If you’ve decided to adopt, you’ll first need to prepare for a home study. Required in every state, this process involves a series of interviews and home visits that evaluate the adoptive family’s suitability, educate and prepare the prospective parents, and correctly place children in the right environment. Once you’re approved to adopt, the next step is to locate a child who is available for adoption. Many families go through licensed adoption agencies for this part of the process, but you can also consult with friends, relatives, or doctors to see if there is a child who needs a family. You could also volunteer to be a foster parent through a government or charity organization, as this allows you and the child to get to know one another before going through the adoption process.

No matter which avenue you take for adoption, an adoption court must handle and approve all adoptions. This allows for proper notice for all parties involved and ensures that you’ve met all legal requirements. Working with an adoption attorney in this step is advisable, as they can help ensure that you aren’t missing any important paperwork or requirements to finalize the adoption. In general, the court judge will use the “best interests of the child” standard to decide whether to approve the adoption.

Working with an experienced attorney is also a good idea if you are pursuing an open adoption, which is when adoptive parents meet and potentially stay in touch with birth parents. By working with an attorney, you will know exactly what your rights are as an adoptive parent. If you are the one giving a child for adoption, you should also have an attorney on your side. They will be able to advise you of any rights you have as a birth parent and guide you through the potential of an open adoption.

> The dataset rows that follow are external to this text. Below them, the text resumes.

(* Let $k$ be a field of characteristic $\neq2$, $f\in k[X]$ separable of degree $6$ with set of roots $\Omega\subset\bar k$, $l=k(\Omega)$, $A=k[X]/(f)$, $\delta\in A^*$, and $\delta_\omega=\varphi_\omega(\delta)$ for $\omega\in\Omega$, where $\varphi_\omega$ is evaluation at $X=\omega$. Fix square roots $\sqrt{\delta_\omega}\in\bar k$ and let $m=l(\{\sqrt{\delta_\omega}\sqrt{\delta_\psi}:\omega,\psi\in\Omega\})$. Then $k([\Lambda])=m$.
   Context: $\Lambda$ is the set of $32$ lines $L_\varepsilon\subset\mathbb{P}(A\otimes\bar k)$, for $\varepsilon\in A\otimes\bar k$ with $\varepsilon^2=\delta$, where $L_\varepsilon$ corresponds to the subspace $\{\varepsilon^{-1}(sX+t):s,t\in\bar k\}$. These lines lie on $V_{f,\delta}=\{[q]:\delta q^2\in\mathrm{span}(1,X,X^2)\}$. $G(\bar k/k)$ acts on them. For an object or set $Y$ acted on by $G(\bar k/k)$, the field of definition $k(Y)$ is the smallest subfield $k'\subseteq\bar k$ containing $k$ such that every $\sigma\in G(\bar k/k')$ fixes $Y$. $k([\Lambda])$ denotes the field of definition of the sequence of all lines in $\Lambda$, i.e., the smallest such field over which every line of $\Lambda$ is individually fixed. *)

From HB Require Import structures.
From mathcomp Require Import all_boot all_order all_algebra all_field.
Set Implicit Arguments. Unset Strict Implicit. Unset Printing Implicit Defensive.
Import GRing.Theory.
Local Open Scope ring_scope.

Section Defs.
Variables (k : fieldType) (L : closedFieldType) (iota : {rmorphism k -> L}).

Definition is_subfield (K : L -> Prop) : Prop :=
  [/\ K 1, (forall x y, K x -> K y -> K (x - y)),
      (forall x y, K x -> K y -> K (x * y)) & (forall x, K x -> K x^-1)].

Definition over_k (K : L -> Prop) : Prop := is_subfield K /\ forall a, K (iota a).

Definition gen_field (S : L -> Prop) : L -> Prop :=
  fun x => forall K, over_k K -> (forall y, S y -> K y) -> K x.

(* The line L_eps in P(A (x) L), A (x) L = L[X]/(fL), represented by the
   2-dimensional subspace { eps^-1 (s X + t) } of reduced representatives:
   q lies in it iff eps * q = s X + t in L[X]/(fL). *)
Definition line_of (fL eps : {poly L}) : {poly L} -> Prop :=
  fun q => (size q < size fL)%N /\
           exists s t : L, fL %| eps * q - (s *: 'X + t%:P).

If you are a same-sex couple looking to adopt a child, any family law guide will advise you to work with an attorney as early in the process as possible. Legal rights for same-sex couples may be expanding greatly, but certain states still don’t guarantee same-sex couples the right to adopt. Some states prohibit it outright and others are silent on the issue. If you’re considering adoption, become familiar with the law and policies in your state and consult an experienced attorney to avoid complications.

Without a doubt, family law is complicated. Those who practice in the field need to maintain the careful balancing act of following all legal regulations while taking into account the highly emotional and personal nature of family law cases. By following this family law guide, you can find the legal support that achieves this balance well.